INFORMATION SHOWN:
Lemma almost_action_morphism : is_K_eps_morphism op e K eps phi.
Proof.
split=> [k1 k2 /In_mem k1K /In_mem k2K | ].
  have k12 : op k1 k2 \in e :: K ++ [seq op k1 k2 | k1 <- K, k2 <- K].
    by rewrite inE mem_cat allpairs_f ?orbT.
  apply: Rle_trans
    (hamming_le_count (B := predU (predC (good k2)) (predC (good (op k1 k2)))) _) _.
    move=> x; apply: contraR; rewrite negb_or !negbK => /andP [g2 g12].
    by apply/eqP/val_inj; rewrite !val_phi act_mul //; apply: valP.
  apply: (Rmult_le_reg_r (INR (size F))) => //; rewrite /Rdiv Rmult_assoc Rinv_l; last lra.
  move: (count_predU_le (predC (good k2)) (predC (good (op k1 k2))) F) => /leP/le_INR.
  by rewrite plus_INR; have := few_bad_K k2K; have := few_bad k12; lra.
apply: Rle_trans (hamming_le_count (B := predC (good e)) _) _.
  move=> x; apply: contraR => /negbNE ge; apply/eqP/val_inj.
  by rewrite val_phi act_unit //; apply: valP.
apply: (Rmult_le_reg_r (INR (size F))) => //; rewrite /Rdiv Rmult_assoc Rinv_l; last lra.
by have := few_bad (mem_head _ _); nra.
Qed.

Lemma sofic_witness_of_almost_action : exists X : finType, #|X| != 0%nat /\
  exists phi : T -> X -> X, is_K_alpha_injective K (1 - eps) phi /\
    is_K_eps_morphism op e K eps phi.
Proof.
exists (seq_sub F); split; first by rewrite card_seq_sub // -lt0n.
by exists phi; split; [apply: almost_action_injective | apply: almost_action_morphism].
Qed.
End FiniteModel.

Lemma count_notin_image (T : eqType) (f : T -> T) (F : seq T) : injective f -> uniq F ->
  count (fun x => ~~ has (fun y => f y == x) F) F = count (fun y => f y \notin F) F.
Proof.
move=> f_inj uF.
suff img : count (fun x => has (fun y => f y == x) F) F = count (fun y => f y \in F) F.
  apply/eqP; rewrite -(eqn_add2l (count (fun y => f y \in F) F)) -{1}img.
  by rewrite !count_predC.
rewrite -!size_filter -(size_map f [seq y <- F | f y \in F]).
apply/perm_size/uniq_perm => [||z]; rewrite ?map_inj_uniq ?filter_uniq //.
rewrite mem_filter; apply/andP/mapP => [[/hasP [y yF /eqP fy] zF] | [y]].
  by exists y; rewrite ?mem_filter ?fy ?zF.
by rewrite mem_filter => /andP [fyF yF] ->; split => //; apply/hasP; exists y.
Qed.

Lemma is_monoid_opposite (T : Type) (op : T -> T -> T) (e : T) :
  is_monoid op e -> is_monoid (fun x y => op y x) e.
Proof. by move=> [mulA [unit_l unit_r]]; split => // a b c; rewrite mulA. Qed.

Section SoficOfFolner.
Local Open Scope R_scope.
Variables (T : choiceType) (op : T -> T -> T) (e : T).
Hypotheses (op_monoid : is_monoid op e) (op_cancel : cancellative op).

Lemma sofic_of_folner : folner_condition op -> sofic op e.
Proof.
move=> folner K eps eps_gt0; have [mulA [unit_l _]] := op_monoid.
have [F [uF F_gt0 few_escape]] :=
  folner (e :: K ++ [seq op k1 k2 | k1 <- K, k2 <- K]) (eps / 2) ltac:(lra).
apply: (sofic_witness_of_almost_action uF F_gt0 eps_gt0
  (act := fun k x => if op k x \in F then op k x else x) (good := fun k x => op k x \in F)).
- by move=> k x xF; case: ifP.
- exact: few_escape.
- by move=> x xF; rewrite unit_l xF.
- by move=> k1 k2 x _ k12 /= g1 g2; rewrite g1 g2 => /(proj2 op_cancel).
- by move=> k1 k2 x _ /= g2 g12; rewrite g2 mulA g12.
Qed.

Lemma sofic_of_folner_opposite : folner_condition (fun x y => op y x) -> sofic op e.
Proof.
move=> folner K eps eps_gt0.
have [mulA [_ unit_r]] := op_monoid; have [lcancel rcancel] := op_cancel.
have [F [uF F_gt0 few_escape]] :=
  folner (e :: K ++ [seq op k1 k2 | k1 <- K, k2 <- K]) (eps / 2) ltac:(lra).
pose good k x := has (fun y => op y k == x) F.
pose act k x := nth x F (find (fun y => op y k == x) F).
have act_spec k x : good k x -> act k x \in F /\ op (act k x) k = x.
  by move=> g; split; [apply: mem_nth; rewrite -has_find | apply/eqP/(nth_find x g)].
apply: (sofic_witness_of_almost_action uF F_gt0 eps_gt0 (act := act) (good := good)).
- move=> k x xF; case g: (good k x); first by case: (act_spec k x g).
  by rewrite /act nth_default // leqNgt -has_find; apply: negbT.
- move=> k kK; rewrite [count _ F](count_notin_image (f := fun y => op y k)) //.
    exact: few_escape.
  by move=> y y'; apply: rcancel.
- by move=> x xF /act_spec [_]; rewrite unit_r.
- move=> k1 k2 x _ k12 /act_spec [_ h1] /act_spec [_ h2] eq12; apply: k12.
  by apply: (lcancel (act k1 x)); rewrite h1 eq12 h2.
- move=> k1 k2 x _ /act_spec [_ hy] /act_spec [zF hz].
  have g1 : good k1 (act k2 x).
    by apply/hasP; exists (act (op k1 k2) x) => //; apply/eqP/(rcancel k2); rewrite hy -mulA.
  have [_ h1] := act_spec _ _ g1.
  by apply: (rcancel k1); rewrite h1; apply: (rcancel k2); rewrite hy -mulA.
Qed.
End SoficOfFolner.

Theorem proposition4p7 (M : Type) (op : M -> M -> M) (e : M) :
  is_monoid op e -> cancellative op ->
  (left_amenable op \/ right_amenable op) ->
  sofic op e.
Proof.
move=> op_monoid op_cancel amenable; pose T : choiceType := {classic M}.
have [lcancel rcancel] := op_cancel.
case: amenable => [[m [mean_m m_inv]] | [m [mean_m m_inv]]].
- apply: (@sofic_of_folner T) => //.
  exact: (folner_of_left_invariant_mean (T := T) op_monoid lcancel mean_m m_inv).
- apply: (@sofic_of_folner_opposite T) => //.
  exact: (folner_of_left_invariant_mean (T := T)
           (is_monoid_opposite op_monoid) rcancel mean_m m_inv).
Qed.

TASK PROMPT: What should be returned is the run of lines from the first line of the material through the line containing "move=> x; apply: contraR;", exact and inclusive, and nothing else.

RESPONSE TO THE EXERCISE:
Lemma almost_action_morphism : is_K_eps_morphism op e K eps phi.
Proof.
split=> [k1 k2 /In_mem k1K /In_mem k2K | ].
  have k12 : op k1 k2 \in e :: K ++ [seq op k1 k2 | k1 <- K, k2 <- K].
    by rewrite inE mem_cat allpairs_f ?orbT.
  apply: Rle_trans
    (hamming_le_count (B := predU (predC (good k2)) (predC (good (op k1 k2)))) _) _.
    move=> x; apply: contraR; rewrite negb_or !negbK => /andP [g2 g12].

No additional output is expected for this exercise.